Lemma eulerian_subdivide_arc H D a b c :
  orientation (add_arcs H (both_ways [:: (a, b)])) D -> eulerian D -> D a b ->
  uniq (both_ways [:: (a, c); (c, b)]) ->
  (forall e, e \in both_ways [:: (a, b)] -> ~~ H e.1 e.2) ->
  (forall e, e \in both_ways [:: (a, c); (c, b)] -> ~~ H e.1 e.2) ->
  has_eulerian_orientation (add_arcs H (both_ways [:: (a, c); (c, b)])).
Proof.
move=> OD ED Dab up abH pH.
have abD e : e \in [:: (a, b)] -> D e.1 e.2 by rewrite inE => /eqP->.
pose D0 := del_arcs D [:: (a, b)].
have O0 : orientation H D0 := orientation_del_arcs OD abD abH.
have pD0 e : e \in [:: (a, c); (c, b)] -> ~~ D0 e.1 e.2.
  by move=> ep; apply/negP => /(orientation_arc O0); apply/negP; apply: pH; rewrite mem_cat ep.
exists (add_arcs D0 [:: (a, c); (c, b)]); split; first exact: orientation_add_arcs.
apply: (@eulerian_exchange_arcs _ [:: (a, b)]) => //.
- by move: up; rewrite cat_uniq => /andP[].
- by move=> e el; apply: del_arcs_notin.
- by move=> x /=; lia.
- by apply: eq_eulerian ED => x y; rewrite -add_del_arcs.
Qed.

Lemma has_eulerian_orientation_subdivide H D a b c : symmetric H ->
  orientation (add_arcs H (both_ways [:: (a, b)])) D -> eulerian D ->
  uniq [:: a; c; b] -> ~~ H a b -> ~~ H a c -> ~~ H c b ->
  has_eulerian_orientation (add_arcs H (both_ways [:: (a, c); (c, b)])).
Proof.
move=> Hs OD ED acb ab ac cb.
have nH l : {subset l <= both_ways [:: (a, b); (a, c); (c, b)]} ->
    forall e, e \in both_ways l -> ~~ H e.1 e.2.
  move=> sl [x y]; rewrite mem_both_ways => /orP[/sl|/sl];
    by rewrite mem_both_ways !inE => /orP[]/or3P[]/eqP[-> ->]; rewrite // Hs.
have : D a b || D b a by rewrite -OD.1 /add_arcs mem_both_ways mem_head orbT.
case/orP => [Dab|Dba].
  apply: (eulerian_subdivide_arc OD ED Dab); first exact: uniq_both_ways_path.
    by apply: nH; apply/allP; rewrite /= !inE !eqxx.
  by apply: nH; apply/allP; rewrite /= !inE !eqxx ?orbT.
have E : both_ways [:: (a, c); (c, b)] =i both_ways [:: (b, c); (c, a)].
  by move=> e; rewrite !inE; do ![case: (_ == _)].
apply: eq_has_eulerian_orientation (@eq_add_arcs H _ _ E) _.
apply: eulerian_subdivide_arc (ED) Dba _ _ _.
- by apply: eq_orientation OD; apply: eq_add_arcs => e; rewrite !inE orbC.
- by apply: uniq_both_ways_path; rewrite -rev_uniq.
- by apply: nH; apply/allP; rewrite /= !inE !eqxx ?orbT.
- by move=> e; rewrite -E; apply: nH; apply/allP; rewrite /= !inE !eqxx ?orbT.
Qed.

Section EulerianOrientation.
Variable H : rel V.
Hypothesis GH : even_graph H.
Hypothesis IH : forall H' : rel V, even_graph H' ->
  e_rel H' setT setT < e_rel H setT setT -> has_eulerian_orientation H'.

Lemma has_eulerian_orientation_triangle u v w : uniq [:: u; v; w] ->
  H u v -> H v w -> H w u -> has_eulerian_orientation H.
Proof.
move=> uvw Huv Hvw Hwu; pose l := cycle_arcs [:: u; v; w].
have ul := uniq_both_ways_cycle3 uvw.
have bl := balanced_cycle_arcs [:: u; v; w].
have lH e : e \in l -> H e.1 e.2 by rewrite !inE => /or3P[] /eqP->.
have [G' E count_arcs] := even_graph_del_balanced GH ul bl lH.
have [D' [O' E']] : has_eulerian_orientation (del_arcs H (both_ways l)).
  by apply: IH G' _; rewrite count_arcs /= /arc_from_to !inE; lia.
have [OD ED _] := orientation_add_balanced O' E' ul bl (fun e => @del_arcs_notin H _ e).
by exists (add_arcs D' l); split => //; apply: eq_orientation E OD.
Qed.

Lemma has_eulerian_orientation_path u v w : uniq [:: u; v; w] ->
  H u v -> H v w -> ~~ H u w -> has_eulerian_orientation H.
Proof.
have [Hs Hi He] := GH; move=> uvw Huv Hvw Huw; pose p := [:: (u, v); (v, w)].
have pH e : e \in both_ways p -> H e.1 e.2.
  by case: e => x y; rewrite mem_both_ways !inE => /orP[]/orP[]/eqP[-> ->] //; rewrite Hs.
pose H0 := del_arcs H (both_ways p).
have E0 : H =2 add_arcs H0 (both_ways p) := add_del_arcs pH.
have H0p e : e \in both_ways p -> ~~ H0 e.1 e.2 by apply: del_arcs_notin.
have nH0 x y : ~~ H x y -> ~~ H0 x y by apply: contra => /andP[].
have uw : u != w by move: uvw; rewrite /= !inE !negb_or => /and3P[/andP[]].
have H0uw e : e \in both_ways [:: (u, w)] -> ~~ H0 e.1 e.2.
  by rewrite !inE => /orP[]/eqP-> /=; apply: nH0; rewrite // Hs.
pose H2 := add_arcs H0 (both_ways [:: (u, w)]).
have u2 := uniq_both_ways_edge uw.
have G2 : even_graph H2.
  split; first exact/symmetric_add_both_ways/symmetric_del_both_ways.
    move=> x; rewrite /H2 /add_arcs /H0 /del_arcs Hi /= !inE !xpair_eqE /=.
    by apply/norP; split; apply/negP => /andP[/eqP-> /eqP e]; rewrite e eqxx in uw.
  move=> x; have := He x.
  have -> : deg H x = deg H2 x + (v == x).*2.
    rewrite (_ : deg H x = deg (add_arcs H0 (both_ways p)) x).
      by rewrite !deg_add_both_ways ?uniq_both_ways_path //=; lia.
    by apply: eq_card => y; rewrite !inE E0.
  by rewrite oddD odd_double addbF.
have [D2 [O2 ED2]] : has_eulerian_orientation H2.
  apply: IH G2 _; rewrite (eq_e_rel _ _ E0) !e_rel_add_arcs ?uniq_both_ways_path //.
  by rewrite /= /arc_from_to !inE; lia.
apply: eq_has_eulerian_orientation E0 _.
apply: has_eulerian_orientation_subdivide O2 ED2 _ _ _ _ => //.
- exact: symmetric_del_both_ways.
- exact: nH0.
- by apply: (H0p (u, v)); rewrite mem_both_ways !inE eqxx.
- by apply: (H0p (v, w)); rewrite mem_both_ways !inE eqxx orbT.
Qed.

End EulerianOrientation.

Lemma even_graph_neighbour H v u : even_graph H -> H v u -> exists2 w, H v w & w != u.
Proof.
move=> [_ _ He] Hvu; have := He v; rewrite /deg (cardsD1 u) inE Hvu /= => odd_rest.
have /card_gt0P[w] : 0 < #|[set y | H v y] :\ u|.
  by rewrite lt0n; apply: contra odd_rest => /eqP ->.
by rewrite !inE => /andP[wu Hvw]; exists w.
Qed.

Lemma has_eulerian_orientation_even H : even_graph H -> has_eulerian_orientation H.
Proof.
have [k] := ubnP (e_rel H setT setT); elim: k H => // k IH H /ltnSE hk GH.
case: (pickP (fun e : V * V => H e.1 e.2)) => [[v u] /= Hvu | none]; last first.
  by apply: has_eulerian_orientation0 => x y; rewrite (none (x, y)).
have [Hs Hi _] := GH.
have [w Hvw wu] := even_graph_neighbour GH Hvu.
have IH' H' : even_graph H' -> e_rel H' setT setT < e_rel H setT setT ->
    has_eulerian_orientation H'.
  by move=> G' lt; apply: IH G'; apply: leq_trans lt hk.
have ne x y : H x y -> x != y by move=> Hxy; apply: contraTneq Hxy => ->; rewrite Hi.
have uvw : uniq [:: u; v; w].
  by rewrite /= !inE !negb_or eq_sym (ne _ _ Hvu) (eq_sym u w) wu (ne _ _ Hvw).
(* Either uvw is a triangle, or the path u-v-w can be replaced by the edge uw. *)
case Huw: (H u w).
  by apply: (has_eulerian_orientation_triangle GH IH' uvw); rewrite // Hs.
by apply: (has_eulerian_orientation_path GH IH' uvw); rewrite ?Huw // Hs.
Qed.

Definition has_c4 H := [exists a, exists b, exists x, exists y,
  [&& a != b, x != y, H a x, H b x, H a y & H b y]].

Lemma e_rel_le_setT H S T : e_rel H S T <= e_rel H setT setT.
Proof. by apply/subset_leq_card/subsetP => xy; rewrite !inE => /andP[_ ->]; rewrite andbT. Qed.

Lemma e_rel_setT H : e_rel H setT setT = \sum_x deg H x.
Proof.
rewrite e_rel_sum; apply: eq_big => [x|x _]; first by rewrite inE.
by rewrite (_ : deg H x = outdeg H x) // outdeg_e_rel e_rel_sum big_set1.
Qed.

Lemma sum_deg_mul_le H : ~~ has_c4 H ->
  \sum_x deg H x * deg H x <= n * n + \sum_x deg H x.
Proof.
move=> noC4; have deg_sum x : deg H x = \sum_y (H x y : nat) by rewrite /deg card_set_sumb.
have deg_mul x : deg H x * deg H x =
    \sum_y \sum_z ((H x y && H x z && (y != z)) : nat) + deg H x.
  rewrite {1 2}deg_sum big_distrlr /= deg_sum -big_split /=; apply: eq_bigr => y _.
  rewrite (eq_bigr (fun z => ((H x y && H x z && (y != z)) : nat) + ((z == y) && H x y))).
    rewrite big_split /=; congr (_ + _).
    by rewrite (bigD1 y) //= eqxx big1 ?addn0 // => z /negbTE ->.
  move=> z _; case: (eqVneq z y) => [->|zy]; rewrite ?eqxx ?andbF ?andbT /=.
    by case: (H x y).
  by case: (H x y); case: (H x z).
have codeg y z : y != z -> \sum_x ((H x y && H x z) : nat) <= 1.
  move=> yz; rewrite -card_set_sumb leqNgt; apply/negP => /card_gt1P[a [b []]].
  rewrite !inE => /andP[ay az] /andP[by' bz] ab; apply: (negP noC4).
  by apply/existsP; exists a; apply/existsP; exists b; apply/existsP; exists y;
    apply/existsP; exists z; rewrite ab yz ay by' az bz.
under eq_bigr do rewrite deg_mul.
rewrite big_split /= leq_add2r exchange_big /=.
apply: (@leq_trans (\sum_(y : V) \sum_(z : V) 1)); last by rewrite !sum_nat_const !card_ord muln1.
apply: leq_sum => y _; rewrite exchange_big /=; apply: leq_sum => z _.
case: (eqVneq y z) => [->|yz]; first by rewrite big1 // => x _; rewrite andbF.
by apply: leq_trans (codeg y z yz); apply: leq_sum => x _; rewrite andbT.
Qed.

Lemma c4_free_arcs_mul_le H : ~~ has_c4 H ->
  e_rel H setT setT * e_rel H setT setT <= n * n * n + n * e_rel H setT setT.
Proof.
move=> noC4; rewrite e_rel_setT; apply: leq_trans (cauchy_schwarz_nat _) _.
by rewrite card_ord -[n * n * n]mulnA -mulnDr leq_mul2l (sum_deg_mul_le noC4) orbT.
Qed.

Definition orient_cycle (q : seq V) (b : bool) :=
  if b then cycle_arcs q else rev_arcs (cycle_arcs q).

Fixpoint orient_cycles D (qs : seq (4.-tuple V)) (bs : seq bool) : rel V :=
  if qs is q :: qs' then add_arcs (orient_cycles D qs' (behead bs)) (orient_cycle q (head false bs))
  else D.

Definition arcs_in_cycle S T (q : 4.-tuple V) b := count (arc_from_to S T) (orient_cycle q b).

Lemma arcs_in_cycle_le4 S T q b : arcs_in_cycle S T q b <= 4.
Proof.
apply: leq_trans (count_size _ _) _.
by case: b; rewrite /orient_cycle ?size_map size_zip size_rot size_tuple minnn.
Qed.

Lemma both_ways_orient_cycle q b : both_ways (cycle_arcs q) =i both_ways (orient_cycle q b).
Proof. by case: b => // e; rewrite both_ways_rev. Qed.

Lemma uniq_both_ways_orient_cycle q b :
  uniq (both_ways (orient_cycle q b)) = uniq (both_ways (cycle_arcs q)).
Proof. by case: b; rewrite ?uniq_both_ways_rev. Qed.

Lemma balanced_orient_cycle q b : balanced (orient_cycle q b).
Proof. by case: b; [exact: balanced_cycle_arcs | exact/balanced_rev/balanced_cycle_arcs]. Qed.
☆ ☆ ☆ ☆
- WORK TO COMPLETE: Wherever the line holding "by apply/norP; split;" falls in the entries above, copy exactly from it through the line holding "by apply: eq_card => y; rewrite !inE E0.", inclusive, and add nothing.

- SOLUTION FOR THIS TASK:
    by apply/norP; split; apply/negP => /andP[/eqP-> /eqP e]; rewrite e eqxx in uw.
  move=> x; have := He x.
  have -> : deg H x = deg H2 x + (v == x).*2.
    rewrite (_ : deg H x = deg (add_arcs H0 (both_ways p)) x).
      by rewrite !deg_add_both_ways ?uniq_both_ways_path //=; lia.
    by apply: eq_card => y; rewrite !inE E0.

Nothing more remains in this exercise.